## PROBLEM DESCRIPTION
Whenever the string "eorbits" appears in a line below, please copy the line out.

---------------

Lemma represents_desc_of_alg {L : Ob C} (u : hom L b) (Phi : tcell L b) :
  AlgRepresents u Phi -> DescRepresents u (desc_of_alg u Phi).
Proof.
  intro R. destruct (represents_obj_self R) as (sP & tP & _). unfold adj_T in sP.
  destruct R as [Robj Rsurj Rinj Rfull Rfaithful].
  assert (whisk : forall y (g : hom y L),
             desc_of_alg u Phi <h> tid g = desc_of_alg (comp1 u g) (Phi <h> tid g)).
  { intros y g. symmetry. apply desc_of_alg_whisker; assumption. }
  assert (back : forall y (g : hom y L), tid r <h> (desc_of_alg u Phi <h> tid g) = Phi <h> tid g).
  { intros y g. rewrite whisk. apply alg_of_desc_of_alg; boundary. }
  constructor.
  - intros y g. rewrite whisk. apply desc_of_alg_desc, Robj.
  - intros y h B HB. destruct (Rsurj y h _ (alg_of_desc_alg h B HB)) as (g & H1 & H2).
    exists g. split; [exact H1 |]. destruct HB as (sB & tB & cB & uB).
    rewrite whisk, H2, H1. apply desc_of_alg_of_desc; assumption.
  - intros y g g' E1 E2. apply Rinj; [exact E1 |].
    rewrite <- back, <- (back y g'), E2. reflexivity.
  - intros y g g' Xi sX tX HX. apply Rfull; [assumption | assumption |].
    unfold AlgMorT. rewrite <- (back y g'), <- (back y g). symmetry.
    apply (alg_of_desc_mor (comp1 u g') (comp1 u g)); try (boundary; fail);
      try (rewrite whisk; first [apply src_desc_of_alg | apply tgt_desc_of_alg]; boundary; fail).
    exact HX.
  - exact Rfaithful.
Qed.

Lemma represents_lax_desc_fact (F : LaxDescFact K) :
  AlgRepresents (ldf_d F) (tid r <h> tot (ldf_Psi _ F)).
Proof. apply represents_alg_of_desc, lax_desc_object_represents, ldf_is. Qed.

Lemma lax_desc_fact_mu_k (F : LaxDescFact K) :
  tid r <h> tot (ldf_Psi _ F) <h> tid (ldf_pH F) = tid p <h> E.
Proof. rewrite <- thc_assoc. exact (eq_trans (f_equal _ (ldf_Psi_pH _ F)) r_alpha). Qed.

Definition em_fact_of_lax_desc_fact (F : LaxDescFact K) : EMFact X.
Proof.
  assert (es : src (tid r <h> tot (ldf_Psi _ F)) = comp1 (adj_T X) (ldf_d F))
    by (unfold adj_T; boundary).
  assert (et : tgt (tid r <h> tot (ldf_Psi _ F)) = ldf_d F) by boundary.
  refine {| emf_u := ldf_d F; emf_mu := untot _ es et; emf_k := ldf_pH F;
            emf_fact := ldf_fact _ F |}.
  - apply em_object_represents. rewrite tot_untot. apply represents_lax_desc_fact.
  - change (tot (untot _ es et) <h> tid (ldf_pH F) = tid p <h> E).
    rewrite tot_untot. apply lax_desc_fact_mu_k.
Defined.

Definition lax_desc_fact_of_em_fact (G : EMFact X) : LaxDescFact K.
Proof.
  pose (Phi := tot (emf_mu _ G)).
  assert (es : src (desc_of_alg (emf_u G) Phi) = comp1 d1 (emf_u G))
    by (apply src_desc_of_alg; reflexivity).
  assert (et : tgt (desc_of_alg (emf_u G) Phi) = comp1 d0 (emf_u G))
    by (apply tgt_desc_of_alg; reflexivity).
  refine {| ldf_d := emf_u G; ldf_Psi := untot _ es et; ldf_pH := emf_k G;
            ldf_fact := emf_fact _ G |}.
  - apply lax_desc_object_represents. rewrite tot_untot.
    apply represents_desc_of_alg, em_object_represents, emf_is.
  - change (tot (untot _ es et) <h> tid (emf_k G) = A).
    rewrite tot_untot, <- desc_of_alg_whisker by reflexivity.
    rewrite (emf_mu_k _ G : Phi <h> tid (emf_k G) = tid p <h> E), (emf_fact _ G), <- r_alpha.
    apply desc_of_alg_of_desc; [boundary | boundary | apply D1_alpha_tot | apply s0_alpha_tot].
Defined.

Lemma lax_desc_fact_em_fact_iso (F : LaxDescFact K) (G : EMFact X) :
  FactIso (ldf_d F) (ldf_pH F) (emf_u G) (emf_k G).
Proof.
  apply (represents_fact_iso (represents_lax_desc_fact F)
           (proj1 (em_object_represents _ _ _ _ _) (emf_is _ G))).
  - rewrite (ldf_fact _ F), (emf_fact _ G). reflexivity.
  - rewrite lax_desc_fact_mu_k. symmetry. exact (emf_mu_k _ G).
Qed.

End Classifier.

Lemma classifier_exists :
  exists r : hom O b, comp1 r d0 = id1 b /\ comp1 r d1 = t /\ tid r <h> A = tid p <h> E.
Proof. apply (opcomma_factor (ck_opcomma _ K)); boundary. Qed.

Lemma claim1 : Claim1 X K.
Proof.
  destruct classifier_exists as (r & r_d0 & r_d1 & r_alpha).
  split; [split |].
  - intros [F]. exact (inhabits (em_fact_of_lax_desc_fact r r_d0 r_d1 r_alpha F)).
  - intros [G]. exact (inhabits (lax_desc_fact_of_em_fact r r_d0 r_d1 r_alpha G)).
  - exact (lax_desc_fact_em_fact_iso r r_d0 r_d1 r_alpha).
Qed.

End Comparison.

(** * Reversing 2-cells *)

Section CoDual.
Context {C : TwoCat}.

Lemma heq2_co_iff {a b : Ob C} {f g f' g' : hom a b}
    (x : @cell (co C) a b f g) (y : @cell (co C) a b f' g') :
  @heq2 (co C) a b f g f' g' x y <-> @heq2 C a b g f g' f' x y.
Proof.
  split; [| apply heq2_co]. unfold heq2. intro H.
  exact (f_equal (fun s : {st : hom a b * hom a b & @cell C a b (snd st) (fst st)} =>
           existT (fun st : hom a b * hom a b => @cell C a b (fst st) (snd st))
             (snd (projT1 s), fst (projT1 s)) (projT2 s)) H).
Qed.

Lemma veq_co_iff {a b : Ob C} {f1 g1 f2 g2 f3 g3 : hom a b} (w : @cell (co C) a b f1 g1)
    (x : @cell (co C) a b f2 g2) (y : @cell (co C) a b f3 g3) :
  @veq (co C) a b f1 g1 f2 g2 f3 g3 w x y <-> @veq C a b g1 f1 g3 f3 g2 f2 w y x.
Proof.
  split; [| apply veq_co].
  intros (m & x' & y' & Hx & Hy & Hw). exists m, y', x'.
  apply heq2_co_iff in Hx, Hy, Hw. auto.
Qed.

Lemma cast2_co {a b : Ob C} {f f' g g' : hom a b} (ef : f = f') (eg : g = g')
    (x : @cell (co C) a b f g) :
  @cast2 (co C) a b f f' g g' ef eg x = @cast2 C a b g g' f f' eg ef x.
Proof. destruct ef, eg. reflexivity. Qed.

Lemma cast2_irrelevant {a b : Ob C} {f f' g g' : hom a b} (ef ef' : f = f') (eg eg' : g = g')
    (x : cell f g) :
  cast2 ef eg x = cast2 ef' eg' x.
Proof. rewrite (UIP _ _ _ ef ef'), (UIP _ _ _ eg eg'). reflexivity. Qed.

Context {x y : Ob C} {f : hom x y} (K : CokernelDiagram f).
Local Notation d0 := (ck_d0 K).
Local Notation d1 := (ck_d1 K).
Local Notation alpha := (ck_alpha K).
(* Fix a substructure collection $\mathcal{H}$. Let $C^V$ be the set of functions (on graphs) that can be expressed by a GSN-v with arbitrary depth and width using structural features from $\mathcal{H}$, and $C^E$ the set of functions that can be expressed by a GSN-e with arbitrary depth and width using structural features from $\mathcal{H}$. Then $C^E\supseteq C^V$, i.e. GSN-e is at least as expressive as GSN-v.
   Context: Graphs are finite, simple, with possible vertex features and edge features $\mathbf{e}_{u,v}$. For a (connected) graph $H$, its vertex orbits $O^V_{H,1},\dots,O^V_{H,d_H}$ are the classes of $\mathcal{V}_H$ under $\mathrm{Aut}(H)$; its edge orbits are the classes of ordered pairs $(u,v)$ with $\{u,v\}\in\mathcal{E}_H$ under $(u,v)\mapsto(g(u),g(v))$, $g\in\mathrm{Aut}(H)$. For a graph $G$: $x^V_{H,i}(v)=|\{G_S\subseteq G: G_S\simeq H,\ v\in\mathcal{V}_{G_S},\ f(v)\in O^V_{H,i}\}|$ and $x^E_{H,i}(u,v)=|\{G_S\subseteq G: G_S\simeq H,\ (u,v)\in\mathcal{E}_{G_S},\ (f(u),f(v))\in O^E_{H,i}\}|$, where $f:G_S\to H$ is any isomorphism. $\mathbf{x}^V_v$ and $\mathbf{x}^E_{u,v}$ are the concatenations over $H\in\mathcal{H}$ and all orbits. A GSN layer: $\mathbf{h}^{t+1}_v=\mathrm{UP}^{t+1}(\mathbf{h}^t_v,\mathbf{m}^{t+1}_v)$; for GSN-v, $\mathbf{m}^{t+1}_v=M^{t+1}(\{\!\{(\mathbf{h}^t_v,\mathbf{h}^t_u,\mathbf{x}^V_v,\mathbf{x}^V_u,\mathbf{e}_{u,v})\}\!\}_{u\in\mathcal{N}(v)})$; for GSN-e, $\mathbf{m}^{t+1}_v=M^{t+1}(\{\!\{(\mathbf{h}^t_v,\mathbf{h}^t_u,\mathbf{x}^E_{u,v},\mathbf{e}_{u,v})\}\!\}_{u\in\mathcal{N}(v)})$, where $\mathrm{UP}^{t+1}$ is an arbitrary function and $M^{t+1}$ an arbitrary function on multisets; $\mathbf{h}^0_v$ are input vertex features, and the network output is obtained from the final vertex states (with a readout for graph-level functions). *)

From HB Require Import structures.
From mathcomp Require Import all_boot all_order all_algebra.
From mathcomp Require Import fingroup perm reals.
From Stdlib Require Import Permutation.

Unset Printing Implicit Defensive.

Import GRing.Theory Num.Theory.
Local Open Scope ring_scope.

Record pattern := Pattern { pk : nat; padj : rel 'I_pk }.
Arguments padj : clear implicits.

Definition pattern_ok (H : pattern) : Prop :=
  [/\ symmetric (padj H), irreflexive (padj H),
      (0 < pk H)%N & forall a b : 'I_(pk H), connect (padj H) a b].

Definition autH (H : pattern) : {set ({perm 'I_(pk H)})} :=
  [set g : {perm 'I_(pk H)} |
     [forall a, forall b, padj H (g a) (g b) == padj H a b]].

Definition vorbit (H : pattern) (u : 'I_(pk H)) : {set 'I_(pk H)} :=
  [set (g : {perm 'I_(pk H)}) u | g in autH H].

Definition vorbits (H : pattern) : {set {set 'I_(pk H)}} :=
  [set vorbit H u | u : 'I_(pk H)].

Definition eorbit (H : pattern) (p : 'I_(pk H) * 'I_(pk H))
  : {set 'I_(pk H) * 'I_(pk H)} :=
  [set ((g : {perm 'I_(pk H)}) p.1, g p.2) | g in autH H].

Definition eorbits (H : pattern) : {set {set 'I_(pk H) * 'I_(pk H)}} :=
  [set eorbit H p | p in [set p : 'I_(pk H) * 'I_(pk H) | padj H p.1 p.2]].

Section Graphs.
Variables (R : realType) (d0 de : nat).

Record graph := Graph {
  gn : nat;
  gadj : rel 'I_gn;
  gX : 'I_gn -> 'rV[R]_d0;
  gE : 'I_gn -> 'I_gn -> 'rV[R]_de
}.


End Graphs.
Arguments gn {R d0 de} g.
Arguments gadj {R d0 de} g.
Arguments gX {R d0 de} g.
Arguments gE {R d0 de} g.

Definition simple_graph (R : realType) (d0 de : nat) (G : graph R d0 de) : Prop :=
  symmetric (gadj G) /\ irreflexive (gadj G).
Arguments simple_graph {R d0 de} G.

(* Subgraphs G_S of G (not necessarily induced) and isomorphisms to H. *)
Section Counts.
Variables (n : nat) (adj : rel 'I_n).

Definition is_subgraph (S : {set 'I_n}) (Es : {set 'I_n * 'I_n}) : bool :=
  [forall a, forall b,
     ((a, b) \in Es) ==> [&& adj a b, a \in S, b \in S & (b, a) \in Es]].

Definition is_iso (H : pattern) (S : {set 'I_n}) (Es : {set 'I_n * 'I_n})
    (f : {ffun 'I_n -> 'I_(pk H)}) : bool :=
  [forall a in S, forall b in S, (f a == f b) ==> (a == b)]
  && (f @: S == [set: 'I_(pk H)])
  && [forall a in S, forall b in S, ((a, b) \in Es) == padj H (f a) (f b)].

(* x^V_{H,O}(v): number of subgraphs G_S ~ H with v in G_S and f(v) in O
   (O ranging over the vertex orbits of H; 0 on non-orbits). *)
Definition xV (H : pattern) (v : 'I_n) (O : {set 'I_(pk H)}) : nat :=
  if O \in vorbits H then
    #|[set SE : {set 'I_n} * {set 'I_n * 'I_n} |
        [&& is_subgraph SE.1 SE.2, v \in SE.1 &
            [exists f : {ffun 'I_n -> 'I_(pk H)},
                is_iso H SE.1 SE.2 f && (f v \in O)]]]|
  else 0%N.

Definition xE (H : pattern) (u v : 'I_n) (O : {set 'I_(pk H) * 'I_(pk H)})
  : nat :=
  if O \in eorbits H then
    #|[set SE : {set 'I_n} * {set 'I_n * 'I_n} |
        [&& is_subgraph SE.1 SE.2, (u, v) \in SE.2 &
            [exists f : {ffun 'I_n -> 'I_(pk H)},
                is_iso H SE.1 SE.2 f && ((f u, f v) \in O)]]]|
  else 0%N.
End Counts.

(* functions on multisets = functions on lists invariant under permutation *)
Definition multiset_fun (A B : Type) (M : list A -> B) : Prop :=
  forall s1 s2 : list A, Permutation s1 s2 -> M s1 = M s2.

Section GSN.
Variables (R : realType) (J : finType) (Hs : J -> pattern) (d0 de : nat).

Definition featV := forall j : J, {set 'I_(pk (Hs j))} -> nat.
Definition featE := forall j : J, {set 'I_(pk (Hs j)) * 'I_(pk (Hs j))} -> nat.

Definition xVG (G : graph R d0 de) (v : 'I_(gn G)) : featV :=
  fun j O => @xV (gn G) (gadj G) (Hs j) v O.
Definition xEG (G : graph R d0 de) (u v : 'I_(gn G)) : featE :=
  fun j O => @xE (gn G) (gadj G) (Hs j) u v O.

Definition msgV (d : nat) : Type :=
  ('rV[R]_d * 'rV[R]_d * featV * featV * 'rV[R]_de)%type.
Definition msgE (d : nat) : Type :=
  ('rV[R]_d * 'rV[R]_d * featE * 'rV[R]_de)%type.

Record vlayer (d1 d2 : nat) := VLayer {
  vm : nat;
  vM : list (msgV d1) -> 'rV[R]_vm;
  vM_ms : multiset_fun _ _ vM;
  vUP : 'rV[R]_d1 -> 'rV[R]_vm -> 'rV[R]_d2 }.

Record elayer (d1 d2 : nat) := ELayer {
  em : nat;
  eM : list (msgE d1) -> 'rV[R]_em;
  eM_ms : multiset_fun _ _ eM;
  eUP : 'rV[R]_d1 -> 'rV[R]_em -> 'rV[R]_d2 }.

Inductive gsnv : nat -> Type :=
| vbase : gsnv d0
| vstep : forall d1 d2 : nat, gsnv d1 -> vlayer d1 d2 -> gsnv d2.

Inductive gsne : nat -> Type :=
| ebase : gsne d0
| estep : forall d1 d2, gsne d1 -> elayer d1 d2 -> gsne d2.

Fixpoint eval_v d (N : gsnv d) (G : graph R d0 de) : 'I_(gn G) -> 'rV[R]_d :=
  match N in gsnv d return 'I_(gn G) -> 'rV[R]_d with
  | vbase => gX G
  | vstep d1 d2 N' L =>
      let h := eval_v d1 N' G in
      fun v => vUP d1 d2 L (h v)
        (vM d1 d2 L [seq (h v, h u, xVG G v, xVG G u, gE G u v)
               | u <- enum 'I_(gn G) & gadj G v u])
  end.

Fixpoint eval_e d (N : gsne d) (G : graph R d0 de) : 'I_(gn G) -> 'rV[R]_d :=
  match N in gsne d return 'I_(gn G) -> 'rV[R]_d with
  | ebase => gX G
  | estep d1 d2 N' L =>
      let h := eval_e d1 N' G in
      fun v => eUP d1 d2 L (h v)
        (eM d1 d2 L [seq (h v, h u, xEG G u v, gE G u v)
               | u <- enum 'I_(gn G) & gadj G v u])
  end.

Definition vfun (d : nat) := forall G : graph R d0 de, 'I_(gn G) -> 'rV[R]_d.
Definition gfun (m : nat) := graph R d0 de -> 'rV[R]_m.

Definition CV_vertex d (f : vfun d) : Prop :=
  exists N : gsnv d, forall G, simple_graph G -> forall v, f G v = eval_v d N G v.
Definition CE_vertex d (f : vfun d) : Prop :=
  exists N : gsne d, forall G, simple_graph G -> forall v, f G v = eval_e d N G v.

---------------

## RESPONSE BOX
Definition eorbits (H : pattern) : {set {set 'I_(pk H) * 'I_(pk H)}} :=
  if O \in eorbits H then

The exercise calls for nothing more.